■ **ACTION ITEM**:
Find the line in the entries below that contains "sum_size t (fun ys". Repeat it exactly, and every line after it through the line that contains "marginal ys x * phi x y * (joint_prob".
Top of SUPPLIED INFORMATION
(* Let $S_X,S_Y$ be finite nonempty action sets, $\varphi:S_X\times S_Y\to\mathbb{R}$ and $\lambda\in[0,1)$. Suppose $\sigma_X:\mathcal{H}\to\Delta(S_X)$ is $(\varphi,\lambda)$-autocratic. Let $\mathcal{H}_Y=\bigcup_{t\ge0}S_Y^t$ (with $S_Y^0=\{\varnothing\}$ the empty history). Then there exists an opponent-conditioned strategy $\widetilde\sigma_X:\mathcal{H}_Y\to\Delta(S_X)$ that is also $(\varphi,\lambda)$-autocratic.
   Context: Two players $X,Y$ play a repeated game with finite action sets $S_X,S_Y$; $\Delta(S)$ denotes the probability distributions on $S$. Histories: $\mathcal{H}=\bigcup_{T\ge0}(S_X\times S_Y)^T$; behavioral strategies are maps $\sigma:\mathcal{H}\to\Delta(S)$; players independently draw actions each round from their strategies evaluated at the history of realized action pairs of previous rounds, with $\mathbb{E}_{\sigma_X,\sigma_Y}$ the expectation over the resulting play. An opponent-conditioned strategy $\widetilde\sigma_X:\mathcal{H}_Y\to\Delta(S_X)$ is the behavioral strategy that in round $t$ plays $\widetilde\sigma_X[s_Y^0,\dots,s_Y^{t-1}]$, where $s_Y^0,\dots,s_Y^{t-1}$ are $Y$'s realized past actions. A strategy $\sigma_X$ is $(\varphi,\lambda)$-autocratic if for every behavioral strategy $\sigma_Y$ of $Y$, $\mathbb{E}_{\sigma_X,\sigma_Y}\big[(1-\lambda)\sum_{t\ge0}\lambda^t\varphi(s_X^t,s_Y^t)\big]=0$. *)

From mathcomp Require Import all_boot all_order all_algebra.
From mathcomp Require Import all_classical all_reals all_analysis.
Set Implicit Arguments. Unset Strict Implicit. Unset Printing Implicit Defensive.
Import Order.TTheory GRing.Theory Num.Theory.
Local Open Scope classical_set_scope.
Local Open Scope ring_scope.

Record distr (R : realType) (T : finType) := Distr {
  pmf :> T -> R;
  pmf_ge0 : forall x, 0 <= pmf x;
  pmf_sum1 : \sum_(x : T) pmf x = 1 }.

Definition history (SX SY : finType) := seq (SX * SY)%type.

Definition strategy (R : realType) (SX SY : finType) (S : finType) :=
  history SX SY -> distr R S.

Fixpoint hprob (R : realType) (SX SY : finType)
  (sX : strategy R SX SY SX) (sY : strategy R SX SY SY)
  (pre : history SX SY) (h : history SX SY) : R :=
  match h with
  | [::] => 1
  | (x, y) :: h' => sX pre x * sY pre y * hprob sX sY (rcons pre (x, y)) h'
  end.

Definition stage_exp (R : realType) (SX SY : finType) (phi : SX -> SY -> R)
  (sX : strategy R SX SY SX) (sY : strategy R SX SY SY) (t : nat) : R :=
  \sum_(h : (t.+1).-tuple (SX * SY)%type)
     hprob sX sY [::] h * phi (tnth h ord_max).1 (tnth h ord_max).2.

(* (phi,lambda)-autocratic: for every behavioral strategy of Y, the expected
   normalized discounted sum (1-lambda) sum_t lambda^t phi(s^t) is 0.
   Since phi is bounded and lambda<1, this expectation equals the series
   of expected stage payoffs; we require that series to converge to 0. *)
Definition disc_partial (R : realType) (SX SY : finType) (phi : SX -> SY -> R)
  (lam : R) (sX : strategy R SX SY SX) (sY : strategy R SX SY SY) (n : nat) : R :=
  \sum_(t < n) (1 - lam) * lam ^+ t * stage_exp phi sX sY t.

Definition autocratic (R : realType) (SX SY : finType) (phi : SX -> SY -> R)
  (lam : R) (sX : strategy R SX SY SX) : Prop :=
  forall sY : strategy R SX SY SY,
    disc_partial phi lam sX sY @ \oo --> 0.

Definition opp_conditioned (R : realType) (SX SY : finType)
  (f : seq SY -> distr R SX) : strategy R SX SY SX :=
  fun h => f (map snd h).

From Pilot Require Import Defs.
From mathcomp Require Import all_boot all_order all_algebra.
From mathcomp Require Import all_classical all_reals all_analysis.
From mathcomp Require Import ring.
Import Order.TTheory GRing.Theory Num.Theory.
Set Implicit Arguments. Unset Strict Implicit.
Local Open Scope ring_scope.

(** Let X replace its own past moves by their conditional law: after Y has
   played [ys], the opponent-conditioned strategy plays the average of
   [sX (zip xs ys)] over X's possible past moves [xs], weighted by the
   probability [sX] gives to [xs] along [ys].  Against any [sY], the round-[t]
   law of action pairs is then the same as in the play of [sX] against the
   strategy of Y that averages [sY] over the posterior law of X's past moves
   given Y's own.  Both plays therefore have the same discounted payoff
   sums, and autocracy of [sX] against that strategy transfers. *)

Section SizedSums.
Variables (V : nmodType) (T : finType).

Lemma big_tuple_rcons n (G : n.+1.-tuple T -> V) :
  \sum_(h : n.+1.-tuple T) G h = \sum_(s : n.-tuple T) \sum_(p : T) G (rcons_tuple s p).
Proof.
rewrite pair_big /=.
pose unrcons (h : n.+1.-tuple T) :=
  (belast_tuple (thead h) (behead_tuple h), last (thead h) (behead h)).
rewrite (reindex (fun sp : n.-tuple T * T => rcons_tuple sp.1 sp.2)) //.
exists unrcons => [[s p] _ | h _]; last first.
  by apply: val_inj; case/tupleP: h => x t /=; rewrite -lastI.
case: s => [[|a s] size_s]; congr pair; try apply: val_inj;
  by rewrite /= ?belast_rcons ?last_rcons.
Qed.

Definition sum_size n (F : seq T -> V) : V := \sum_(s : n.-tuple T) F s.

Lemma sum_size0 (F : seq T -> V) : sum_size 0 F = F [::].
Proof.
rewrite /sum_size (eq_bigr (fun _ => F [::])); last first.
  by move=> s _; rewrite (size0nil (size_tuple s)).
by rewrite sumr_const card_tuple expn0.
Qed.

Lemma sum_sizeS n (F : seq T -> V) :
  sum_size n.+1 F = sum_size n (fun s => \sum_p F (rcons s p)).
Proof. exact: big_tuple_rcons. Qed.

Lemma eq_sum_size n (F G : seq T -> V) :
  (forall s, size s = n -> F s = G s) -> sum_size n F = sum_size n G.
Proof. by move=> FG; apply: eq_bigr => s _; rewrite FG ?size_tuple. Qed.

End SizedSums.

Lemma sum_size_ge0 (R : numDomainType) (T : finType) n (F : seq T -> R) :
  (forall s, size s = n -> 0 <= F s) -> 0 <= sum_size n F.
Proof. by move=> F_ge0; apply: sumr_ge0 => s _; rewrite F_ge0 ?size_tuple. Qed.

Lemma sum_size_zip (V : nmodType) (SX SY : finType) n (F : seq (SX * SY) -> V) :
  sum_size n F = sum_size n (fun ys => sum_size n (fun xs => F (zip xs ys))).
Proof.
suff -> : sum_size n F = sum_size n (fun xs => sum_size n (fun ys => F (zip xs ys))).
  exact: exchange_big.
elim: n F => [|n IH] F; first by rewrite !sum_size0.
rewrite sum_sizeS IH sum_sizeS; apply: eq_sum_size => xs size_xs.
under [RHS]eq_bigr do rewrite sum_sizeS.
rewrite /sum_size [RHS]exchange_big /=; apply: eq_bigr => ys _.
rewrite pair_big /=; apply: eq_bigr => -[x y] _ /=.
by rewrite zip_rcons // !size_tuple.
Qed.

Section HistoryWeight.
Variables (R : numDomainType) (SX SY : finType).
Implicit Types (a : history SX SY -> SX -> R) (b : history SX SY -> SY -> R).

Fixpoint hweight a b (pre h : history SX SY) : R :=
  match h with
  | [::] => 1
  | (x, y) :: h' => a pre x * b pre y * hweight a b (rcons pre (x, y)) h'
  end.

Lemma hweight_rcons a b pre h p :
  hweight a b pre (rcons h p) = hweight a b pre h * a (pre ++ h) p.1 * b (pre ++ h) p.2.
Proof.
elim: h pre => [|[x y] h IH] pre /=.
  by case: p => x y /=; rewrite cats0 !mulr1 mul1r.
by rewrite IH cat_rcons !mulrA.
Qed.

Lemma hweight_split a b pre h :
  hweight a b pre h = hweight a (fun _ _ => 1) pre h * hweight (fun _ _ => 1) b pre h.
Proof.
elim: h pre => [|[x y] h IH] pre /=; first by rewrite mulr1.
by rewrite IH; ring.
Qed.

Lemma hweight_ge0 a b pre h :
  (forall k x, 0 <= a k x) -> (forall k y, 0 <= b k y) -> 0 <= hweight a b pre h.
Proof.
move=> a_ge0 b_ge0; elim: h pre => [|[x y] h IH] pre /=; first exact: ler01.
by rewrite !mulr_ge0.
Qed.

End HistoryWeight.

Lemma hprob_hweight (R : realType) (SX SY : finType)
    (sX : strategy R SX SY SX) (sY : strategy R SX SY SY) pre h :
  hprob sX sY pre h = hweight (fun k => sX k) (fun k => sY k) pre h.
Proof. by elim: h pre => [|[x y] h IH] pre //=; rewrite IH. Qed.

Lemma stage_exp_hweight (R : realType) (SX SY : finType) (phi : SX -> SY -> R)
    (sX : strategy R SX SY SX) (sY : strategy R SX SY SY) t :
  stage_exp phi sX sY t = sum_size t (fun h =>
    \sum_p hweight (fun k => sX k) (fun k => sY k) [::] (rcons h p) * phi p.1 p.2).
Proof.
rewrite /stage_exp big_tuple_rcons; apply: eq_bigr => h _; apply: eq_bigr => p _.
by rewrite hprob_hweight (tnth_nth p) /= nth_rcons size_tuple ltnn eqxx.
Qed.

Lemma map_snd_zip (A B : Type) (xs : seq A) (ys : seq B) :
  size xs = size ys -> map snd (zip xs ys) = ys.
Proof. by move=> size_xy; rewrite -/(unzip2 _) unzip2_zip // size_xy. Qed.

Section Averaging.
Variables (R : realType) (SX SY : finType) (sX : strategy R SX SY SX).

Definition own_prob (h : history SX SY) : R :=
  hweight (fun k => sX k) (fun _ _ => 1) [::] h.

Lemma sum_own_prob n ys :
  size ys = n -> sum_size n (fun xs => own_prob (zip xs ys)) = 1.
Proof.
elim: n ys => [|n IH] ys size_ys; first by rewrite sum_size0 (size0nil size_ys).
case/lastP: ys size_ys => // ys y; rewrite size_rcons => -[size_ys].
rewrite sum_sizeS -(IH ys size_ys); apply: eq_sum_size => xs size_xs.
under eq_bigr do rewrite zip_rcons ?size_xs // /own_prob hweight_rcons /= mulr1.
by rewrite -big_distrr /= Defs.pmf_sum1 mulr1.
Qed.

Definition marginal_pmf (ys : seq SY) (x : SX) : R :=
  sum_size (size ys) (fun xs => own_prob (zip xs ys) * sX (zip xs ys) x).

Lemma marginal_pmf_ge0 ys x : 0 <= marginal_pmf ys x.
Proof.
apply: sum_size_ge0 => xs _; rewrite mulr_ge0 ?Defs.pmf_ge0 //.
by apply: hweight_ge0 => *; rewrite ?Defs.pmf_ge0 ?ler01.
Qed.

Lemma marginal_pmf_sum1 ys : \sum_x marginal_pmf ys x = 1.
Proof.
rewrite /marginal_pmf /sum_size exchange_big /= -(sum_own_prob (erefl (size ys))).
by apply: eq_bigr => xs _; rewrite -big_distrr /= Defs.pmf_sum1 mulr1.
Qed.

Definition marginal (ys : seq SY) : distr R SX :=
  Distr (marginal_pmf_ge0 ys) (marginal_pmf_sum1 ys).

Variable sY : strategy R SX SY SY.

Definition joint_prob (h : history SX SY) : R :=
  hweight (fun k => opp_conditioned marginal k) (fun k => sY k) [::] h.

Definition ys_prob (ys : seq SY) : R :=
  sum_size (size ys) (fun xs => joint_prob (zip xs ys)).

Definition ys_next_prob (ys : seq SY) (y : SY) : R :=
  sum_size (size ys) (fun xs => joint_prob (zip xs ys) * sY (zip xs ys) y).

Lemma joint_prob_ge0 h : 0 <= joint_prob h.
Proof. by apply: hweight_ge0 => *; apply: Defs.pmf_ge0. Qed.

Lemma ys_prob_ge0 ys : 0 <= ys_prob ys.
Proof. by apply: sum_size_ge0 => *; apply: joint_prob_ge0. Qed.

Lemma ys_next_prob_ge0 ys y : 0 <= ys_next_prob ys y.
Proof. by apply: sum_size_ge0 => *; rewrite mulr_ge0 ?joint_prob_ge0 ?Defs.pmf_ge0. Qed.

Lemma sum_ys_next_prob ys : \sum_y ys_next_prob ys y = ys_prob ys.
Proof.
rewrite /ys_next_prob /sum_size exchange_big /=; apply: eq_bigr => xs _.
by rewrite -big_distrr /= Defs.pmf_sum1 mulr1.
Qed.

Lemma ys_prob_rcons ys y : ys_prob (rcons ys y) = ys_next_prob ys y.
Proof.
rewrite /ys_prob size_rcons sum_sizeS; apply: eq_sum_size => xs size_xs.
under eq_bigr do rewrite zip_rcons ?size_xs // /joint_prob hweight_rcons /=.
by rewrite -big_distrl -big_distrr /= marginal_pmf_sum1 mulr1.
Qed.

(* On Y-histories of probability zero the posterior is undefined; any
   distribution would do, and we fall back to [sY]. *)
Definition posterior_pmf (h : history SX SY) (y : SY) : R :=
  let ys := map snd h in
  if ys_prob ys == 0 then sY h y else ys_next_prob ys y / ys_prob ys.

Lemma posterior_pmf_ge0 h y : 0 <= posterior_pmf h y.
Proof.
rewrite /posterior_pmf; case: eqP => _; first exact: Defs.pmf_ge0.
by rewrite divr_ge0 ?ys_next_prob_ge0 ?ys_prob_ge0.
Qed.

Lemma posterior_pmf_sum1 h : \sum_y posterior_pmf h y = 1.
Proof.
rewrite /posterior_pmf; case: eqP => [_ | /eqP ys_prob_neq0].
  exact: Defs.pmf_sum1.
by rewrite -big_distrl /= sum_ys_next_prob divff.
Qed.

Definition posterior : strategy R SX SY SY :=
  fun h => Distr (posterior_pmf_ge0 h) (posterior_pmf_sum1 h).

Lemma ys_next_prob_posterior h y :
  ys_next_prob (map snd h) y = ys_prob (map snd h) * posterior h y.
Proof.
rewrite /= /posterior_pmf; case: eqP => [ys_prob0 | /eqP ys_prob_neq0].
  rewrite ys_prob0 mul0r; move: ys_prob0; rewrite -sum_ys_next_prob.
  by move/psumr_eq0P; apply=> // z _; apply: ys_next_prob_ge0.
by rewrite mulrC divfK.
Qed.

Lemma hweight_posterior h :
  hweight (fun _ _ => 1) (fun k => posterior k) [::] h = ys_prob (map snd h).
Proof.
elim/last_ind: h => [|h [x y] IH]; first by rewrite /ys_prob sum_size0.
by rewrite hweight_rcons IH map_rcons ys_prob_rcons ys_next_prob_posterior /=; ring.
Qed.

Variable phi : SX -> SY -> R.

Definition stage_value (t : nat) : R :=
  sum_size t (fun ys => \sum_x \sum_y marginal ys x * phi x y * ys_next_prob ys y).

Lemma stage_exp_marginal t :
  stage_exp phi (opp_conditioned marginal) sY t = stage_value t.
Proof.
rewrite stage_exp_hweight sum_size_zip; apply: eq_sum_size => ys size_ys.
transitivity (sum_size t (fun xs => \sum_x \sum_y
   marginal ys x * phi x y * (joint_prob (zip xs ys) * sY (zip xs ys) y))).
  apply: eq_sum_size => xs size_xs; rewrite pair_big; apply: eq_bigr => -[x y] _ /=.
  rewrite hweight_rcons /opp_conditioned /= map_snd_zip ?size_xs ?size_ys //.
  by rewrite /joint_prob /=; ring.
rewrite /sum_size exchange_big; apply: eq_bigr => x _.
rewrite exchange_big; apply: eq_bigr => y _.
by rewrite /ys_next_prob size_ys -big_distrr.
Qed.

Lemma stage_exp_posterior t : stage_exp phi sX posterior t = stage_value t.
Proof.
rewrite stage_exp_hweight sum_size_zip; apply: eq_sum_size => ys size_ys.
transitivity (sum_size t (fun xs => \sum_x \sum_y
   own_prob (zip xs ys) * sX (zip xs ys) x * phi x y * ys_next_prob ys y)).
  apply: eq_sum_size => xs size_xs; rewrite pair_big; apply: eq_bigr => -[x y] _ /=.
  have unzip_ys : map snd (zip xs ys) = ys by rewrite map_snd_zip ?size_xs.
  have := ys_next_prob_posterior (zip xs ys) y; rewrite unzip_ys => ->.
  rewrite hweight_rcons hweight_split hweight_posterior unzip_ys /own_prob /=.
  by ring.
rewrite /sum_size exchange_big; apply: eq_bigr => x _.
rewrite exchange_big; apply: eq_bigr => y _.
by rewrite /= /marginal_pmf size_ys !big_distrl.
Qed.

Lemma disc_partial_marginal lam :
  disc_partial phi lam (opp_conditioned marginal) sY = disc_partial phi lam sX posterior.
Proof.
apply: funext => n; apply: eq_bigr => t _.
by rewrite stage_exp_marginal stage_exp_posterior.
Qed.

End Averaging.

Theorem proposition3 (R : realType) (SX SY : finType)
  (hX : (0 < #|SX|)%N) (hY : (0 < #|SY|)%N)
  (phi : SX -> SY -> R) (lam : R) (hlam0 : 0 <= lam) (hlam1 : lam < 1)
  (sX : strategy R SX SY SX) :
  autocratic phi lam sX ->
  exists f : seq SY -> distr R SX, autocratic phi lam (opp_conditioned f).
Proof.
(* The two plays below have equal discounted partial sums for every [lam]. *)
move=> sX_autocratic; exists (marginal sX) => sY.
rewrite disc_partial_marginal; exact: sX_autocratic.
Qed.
Bottom of SUPPLIED INFORMATION
Top of SUPPLIED INFORMATION
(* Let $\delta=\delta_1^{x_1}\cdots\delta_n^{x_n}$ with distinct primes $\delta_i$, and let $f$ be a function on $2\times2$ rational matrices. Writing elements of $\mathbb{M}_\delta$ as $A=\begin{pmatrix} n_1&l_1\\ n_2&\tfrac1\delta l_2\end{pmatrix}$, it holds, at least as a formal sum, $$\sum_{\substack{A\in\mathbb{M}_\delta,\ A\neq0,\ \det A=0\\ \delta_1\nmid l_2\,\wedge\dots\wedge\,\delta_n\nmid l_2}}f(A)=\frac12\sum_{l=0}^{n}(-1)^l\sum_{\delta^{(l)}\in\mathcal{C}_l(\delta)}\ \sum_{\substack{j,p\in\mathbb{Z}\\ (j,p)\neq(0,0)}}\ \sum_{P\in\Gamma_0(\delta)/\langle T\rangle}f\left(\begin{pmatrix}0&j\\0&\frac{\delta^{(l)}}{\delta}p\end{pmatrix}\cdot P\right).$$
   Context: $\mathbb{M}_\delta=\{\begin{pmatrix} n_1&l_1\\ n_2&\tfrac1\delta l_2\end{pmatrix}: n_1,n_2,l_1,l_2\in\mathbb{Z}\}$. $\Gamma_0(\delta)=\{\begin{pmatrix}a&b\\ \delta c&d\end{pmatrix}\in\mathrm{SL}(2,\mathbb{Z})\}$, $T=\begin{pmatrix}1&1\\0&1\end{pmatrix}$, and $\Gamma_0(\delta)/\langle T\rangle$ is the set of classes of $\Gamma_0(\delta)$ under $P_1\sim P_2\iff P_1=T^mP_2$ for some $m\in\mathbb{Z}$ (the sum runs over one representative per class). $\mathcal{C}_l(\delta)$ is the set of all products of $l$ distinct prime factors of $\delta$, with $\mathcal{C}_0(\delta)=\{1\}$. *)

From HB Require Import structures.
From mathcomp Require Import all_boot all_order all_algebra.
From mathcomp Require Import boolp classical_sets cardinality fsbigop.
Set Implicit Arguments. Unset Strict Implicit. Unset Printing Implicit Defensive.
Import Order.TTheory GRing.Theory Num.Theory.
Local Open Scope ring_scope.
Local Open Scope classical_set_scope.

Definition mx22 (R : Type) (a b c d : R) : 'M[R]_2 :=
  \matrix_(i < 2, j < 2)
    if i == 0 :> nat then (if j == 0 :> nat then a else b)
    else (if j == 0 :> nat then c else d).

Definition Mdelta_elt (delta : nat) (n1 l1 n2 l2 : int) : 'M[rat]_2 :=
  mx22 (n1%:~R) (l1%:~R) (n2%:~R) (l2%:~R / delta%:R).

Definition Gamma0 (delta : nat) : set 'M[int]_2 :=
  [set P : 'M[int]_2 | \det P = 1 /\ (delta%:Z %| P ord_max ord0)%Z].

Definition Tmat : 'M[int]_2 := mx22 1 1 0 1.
Bottom of SUPPLIED INFORMATION
Top of SUPPLIED INFORMATION
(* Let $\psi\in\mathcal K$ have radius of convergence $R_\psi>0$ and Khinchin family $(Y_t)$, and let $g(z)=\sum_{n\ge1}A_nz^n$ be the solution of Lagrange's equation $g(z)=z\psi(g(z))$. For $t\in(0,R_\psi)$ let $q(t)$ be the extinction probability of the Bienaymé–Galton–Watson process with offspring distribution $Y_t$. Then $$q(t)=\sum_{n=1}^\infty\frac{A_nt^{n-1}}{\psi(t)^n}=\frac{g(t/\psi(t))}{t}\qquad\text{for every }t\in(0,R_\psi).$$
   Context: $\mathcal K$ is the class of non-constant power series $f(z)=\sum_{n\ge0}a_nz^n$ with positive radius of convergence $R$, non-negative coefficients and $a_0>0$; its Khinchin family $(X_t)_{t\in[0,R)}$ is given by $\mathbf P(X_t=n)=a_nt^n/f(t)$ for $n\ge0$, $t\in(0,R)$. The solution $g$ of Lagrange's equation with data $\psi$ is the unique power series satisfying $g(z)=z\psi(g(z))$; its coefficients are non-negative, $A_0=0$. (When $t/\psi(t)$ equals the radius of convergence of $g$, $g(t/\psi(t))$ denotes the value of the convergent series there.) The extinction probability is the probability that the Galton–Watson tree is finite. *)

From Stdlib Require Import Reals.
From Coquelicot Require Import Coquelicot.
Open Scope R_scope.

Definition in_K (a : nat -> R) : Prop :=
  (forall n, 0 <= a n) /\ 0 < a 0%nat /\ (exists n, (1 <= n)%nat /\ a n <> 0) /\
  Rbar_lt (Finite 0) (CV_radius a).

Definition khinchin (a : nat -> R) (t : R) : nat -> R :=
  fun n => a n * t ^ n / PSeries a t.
Bottom of SUPPLIED INFORMATION
■ **SOLVED EXERCISE**:
  sum_size t (fun ys => \sum_x \sum_y marginal ys x * phi x y * ys_next_prob ys y).

Lemma stage_exp_marginal t :
  stage_exp phi (opp_conditioned marginal) sY t = stage_value t.
Proof.
rewrite stage_exp_hweight sum_size_zip; apply: eq_sum_size => ys size_ys.
transitivity (sum_size t (fun xs => \sum_x \sum_y
   marginal ys x * phi x y * (joint_prob (zip xs ys) * sY (zip xs ys) y))).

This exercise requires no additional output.